[LLVMdev] Lowering to MMX

Wed Oct 26 15:35:32 PDT 2011

On Oct 26, 2011, at 1:18 PM, Nicolas Capens wrote:

> On 24/10/2011 9:50 PM, Bill Wendling wrote:
>> On Oct 20, 2011, at 8:42 AM, Nicolas Capens wrote:
>> 
>>> Hi all,
>>> 
>>> I'm working on a graphics project which uses LLVM for dynamic code
>>> generation, and I noticed a major performance regression when upgrading
>>> from LLVM 2.8 to 3.0-rc1 (LLVM 2.9 didn't support Win64 so I skipped it
>>> entirely).
>>> 
>>> I found out that the performance regression is due to removing support
>>> for lowering 64-bit vector operations to MMX, and using SSE2 instead. My
>>> code uses a mix of MMX intrinsics and v4i16 operations, so it ping-pongs
>>> back and forth between MMX and SSE2 instructions in the generated code.
>>> 
>>> To get more optimal code, I see three options, and I was wondering if
>>> someone could share some advice on which approach you think will work best:
>>> 1) I could use v8i16 or v4i32 instead of v4i16, but then the SSE
>>> register pressure would be significantly increased. I already use v4f32
>>> operations intensively so having the MMX registers available for 64-bit
>>> integer vector operations helps performance quite considerably on the
>>> register deprived x86 architecture. There's little to no opportunity for
>>> using v8i16 to perform two v4i16 operations simultaneously so that won't
>>> make up for the added register pressure. So I'm not keen to implement
>>> this option, unless anyone sees some advantages that I missed?
>> It's my understanding that SSE is by far superior to MMX for a number of reasons, not the least of which is the need to use the expensive EMMS instruction. Instead of guessing about the performance impact, I would encourage you to test this out.
> I'm already explicitly using EMMS, where necessary. Basically when avoiding x87 (and avoiding library calls which may use x87), it's not needed. So there's no performance drawback for using MMX in my case.
> 
> I've verified that combining MMX and SSE2 is significantly faster than using SSE2 alone. It basically gives me access to 8 more registers for 64-bit integer vector operations, leaving the SSE registers available for floating-point and wider integer operations. Upgrading from LLVM 2.8 to 3.0 degraded performance by 30%, and a quick look at the assembly made it clear that register pressure is a major issue.

Okay. Cool.

>>> 3) I believe all MMX instructions are available as intrinsics now? That
>>> would allow me to replace all straight LLVM operations with intrinsics.
>>> I'm just wondering what the downsides of that would be? I assume I won't
>>> get any benefits from instruction combining, but things like dead code
>>> elimination still work?
>> Intrinsics are the only way to go if you want MMX code. We do as much as we can, but to be honest optimizing for MMX is not a high priority for us.
> I fully understand that having LLVM insert EMMS instructions and trying to prevent it from degrading performance just wasn't worthwhile.

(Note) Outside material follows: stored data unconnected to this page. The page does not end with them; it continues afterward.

Lemma sub_square1P n i j a b :
  square n.+1 i j `<=` square 1 a b <->
  [/\ (a * M ^ n <= i < a.+1 * M ^ n)%N & (b * M ^ n <= j < b.+1 * M ^ n)%N].
Proof.
have step u : (u%:R / (M ^ n.+1)%:R <= u.+1%:R / (M ^ n.+1)%:R :> R).
  by rewrite ler_natdiv2r ?expM_gt0.
split => [sub | [/andP[ai ia] /andP[bj jb]] z].
  have [/andP[ai _] /andP[bj _]] :
      square 1 a b (i%:R / (M ^ n.+1)%:R, j%:R / (M ^ n.+1)%:R).
    by apply: sub; rewrite /grid_square /= !lexx !step.
  have [/andP[_ ia] /andP[_ jb]] :
      square 1 a b (i.+1%:R / (M ^ n.+1)%:R, j.+1%:R / (M ^ n.+1)%:R).
    by apply: sub; rewrite /grid_square /= !lexx !step.
  move: ai bj ia jb; rewrite /= expn1.
  by rewrite !ger_coord_level1 !ler_coord_level1 => -> -> -> ->.
rewrite /grid_square /= expn1 => -[/andP[iz zi] /andP[jz zj]]; split; apply/andP; split.
- by apply: le_trans iz; rewrite ger_coord_level1.
- by apply: le_trans zi _; rewrite ler_coord_level1.
- by apply: le_trans jz; rewrite ger_coord_level1.
- by apply: le_trans zj _; rewrite ler_coord_level1.
Qed.

Lemma Cset_sub n (w : config M n) (K : 'I_M * 'I_M) :
  Cset w K `<=` square 1 K.1 K.2.
Proof. by move=> z [i [j [_ _ sub _ sq]]]; exact: sub. Qed.

(* Along one axis, the level-[n.+1] cell inside the level-1 cell [a] that
   touches the grid line [a + da]. *)
Definition corner_cell (a : nat) (da : bool) (n : nat) : nat :=
  (if da then (a.+1 * M ^ n).-1 else a * M ^ n)%N.

Lemma corner_cellP a (da : bool) n i :
  [/\ (a * M ^ n <= i < a.+1 * M ^ n)%N & (i <= (a + da) * M ^ n <= i.+1)%N]
  <-> i = corner_cell a da n.
Proof.
have := expM_gt0 n; rewrite /corner_cell mulSn.
by case: da; rewrite ?addn1 ?addn0 ?mulSn => Mn0; split => [[]|->]; lia.
Qed.

Lemma corner_cell_divn a (da : bool) n : (corner_cell a da n %/ M ^ n)%N = a.
Proof.
have [/andP[ai ia] _] := proj2 (corner_cellP a da n _) erefl.
by apply/eqP; rewrite eqn_leq leq_divRL ?expM_gt0 // ai andbT -ltnS ltn_divLR ?expM_gt0.
Qed.

Lemma corner_cell_lt (a : 'I_M) (da : bool) n : (corner_cell a da n < M ^ n.+1)%N.
Proof.
have [/andP[_ ia] _] := proj2 (corner_cellP a da n _) erefl.
by apply: leq_trans ia _; rewrite expnS leq_mul2r ltn_ord orbT.
Qed.

Lemma Cset_corner n (w : config M n.+1) (K : 'I_M * 'I_M) (da db : bool) :
  Cset (R:=R) w K ((K.1 + da)%:R / M%:R, (K.2 + db)%:R / M%:R) <->
  ~ kept w (corner_cell K.1 da n) (corner_cell K.2 db n).
Proof.
split => [[i [j [_ _ /sub_square1P [Ki Kj] not_kept]]] | not_kept].
  rewrite /grid_square /= ler_coord_level1 ger_coord_level1 ler_coord_level1.
  rewrite ger_coord_level1 => -[xi xj].
  by rewrite -(proj1 (corner_cellP _ _ _ _) (conj Ki xi)) -(proj1 (corner_cellP _ _ _ _) (conj Kj xj)).
have [Ki xi] := proj2 (corner_cellP K.1 da n _) erefl.
have [Kj xj] := proj2 (corner_cellP K.2 db n _) erefl.
exists (corner_cell K.1 da n), (corner_cell K.2 db n); split => //.
- exact: corner_cell_lt.
- exact: corner_cell_lt.
- exact/sub_square1P.
- by rewrite /grid_square /= ler_coord_level1 ger_coord_level1 ler_coord_level1 ger_coord_level1.
Qed.

Definition ancestors (n i j : nat) : {set coin_index M n} :=
  [set s : coin_index M n | ((tagged s).1 == i %/ M ^ (n - (tag s).+1) :> nat)%N
        && ((tagged s).2 == j %/ M ^ (n - (tag s).+1) :> nat)%N]%SET.
(* Let $n\ge 2$ be an integer and $A\subseteq L_n$. If $(X_n,\tau(A))$ is normal or countably paracompact, then $L_n\setminus A$ does not contain a closed uncountable subset of $(L_n,\tau_E|_{L_n})$.
   Context: For $\overline{x},\overline{a}\in\mathbb R^n$ let $|\overline{x}-\overline{a}|$ be the Euclidean distance and $B(\overline{a},\epsilon)=\{\overline{x}\in\mathbb R^n:|\overline{x}-\overline{a}|<\epsilon\}$. Let $P_n=\{\overline{x}\in\mathbb R^n: x_n>0\}$, $L_n=\{\overline{x}\in\mathbb R^n: x_n=0\}$, $X_n=P_n\cup L_n$, and let $\tau_E$ denote the Euclidean topology on $X_n$. For $\overline{a}\in L_n$ and $\epsilon>0$ put $\overline{a(\epsilon)}=(a_1,\dots,a_{n-1},\epsilon)$ and $\tilde B(\overline{a},\epsilon)=\{\overline{a}\}\cup B(\overline{a(\epsilon)},\epsilon)$. For $A\subseteq L_n$, the topology $\tau(A)$ on $X_n$ is generated by the local bases: at $\overline{a}\in P_n$, the sets $B(\overline{a},\epsilon)$ with $0<\epsilon<a_n$; at $\overline{a}\in A$, the sets $B(\overline{a},\epsilon)\cap X_n$ with $\epsilon>0$; at $\overline{a}\in L_n\setminus A$, the sets $\tilde B(\overline{a},\epsilon)$ with $\epsilon>0$. *)

From Stdlib Require Import Reals.
From mathcomp Require Import all_boot.
Set Implicit Arguments. Unset Strict Implicit. Unset Printing Implicit Defensive.

Local Open Scope R_scope.

Definition pt (n : nat) := 'I_n -> R.

Definition edist (n : nat) (x a : pt n) : R :=
  sqrt (\big[Rplus/0]_(i < n) ((x i - a i) ^ 2)).

Definition eball (n : nat) (a : pt n) (eps : R) : pt n -> Prop :=
  fun x => edist x a < eps.

Definition lastc (n : nat) : pt n -> R :=
  match n return pt n -> R with
  | 0 => fun _ => 0
  | m.+1 => fun x => x ord_max
  end.

Definition Pn (n : nat) (x : pt n) : Prop := 0 < lastc x.
Definition Ln (n : nat) (x : pt n) : Prop := lastc x = 0.
Definition Xn (n : nat) (x : pt n) : Prop := Pn x \/ Ln x.

Definition lift_pt (n : nat) (a : pt n) (eps : R) : pt n :=
  fun i => if (i : nat) == n.-1 then eps else a i.

Definition tball (n : nat) (a : pt n) (eps : R) : pt n -> Prop :=
  fun x => x = a \/ eball (lift_pt a eps) eps x.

For what it's worth, LLVM doesn't insert EMMS instructions for you.

> Fortunately explicit use of MMX intrinsics is fine for my use.

Great!

> I'm having one remaining issue though; I can't seem to generate the movd instruction(s) (moving 32-bits of data in and out of the lower half of an MMX registers). Take for example the following LLVM IR:
> 
> define internal void @unpack(i8*, i8*) {
>  %3 = bitcast i8* %1 to i32*
>  %4 = load i32* %3, align 1
>  %5 = insertelement <2 x i32> undef, i32 %4, i32 0
>  %6 = bitcast <2 x i32> %5 to x86_mmx
>  %7 = call x86_mmx @llvm.x86.mmx.punpcklbw(x86_mmx %6, x86_mmx %6)
>  %8 = bitcast i8* %0 to x86_mmx*
>  store x86_mmx %7, x86_mmx* %8, align 1
>  ret void
> }
> declare x86_mmx @llvm.x86.mmx.punpcklbw(x86_mmx, x86_mmx) nounwind readnone
> 
> Which gives me the following assembly code:
> 
> push        ebp
> mov         ebp,esp
> and         esp,0FFFFFFF0h
> sub         esp,20h
> mov         eax,dword ptr [ebp+0Ch]
> movd        xmm0,dword ptr [eax]
> movapd      xmmword ptr [esp],xmm0
> movq        mm0,mmword ptr [esp]
> punpcklbw   mm0,mm0
> mov         eax,dword ptr [ebp+8]
> movq        mmword ptr [eax],mm0
> emms
> mov         esp,ebp
> pop         ebp
> ret
> 
> The inner portion could look like this instead:
> 
> movd        mm0,dword ptr [eax]
> punpcklbw   mm0,mm0
> 
> Should I be using other IR operations to get this result, or are the matching patterns missing? Or would it perhaps be best to make movd available as an intrinsic as well (note that it has four varieties for MMX)?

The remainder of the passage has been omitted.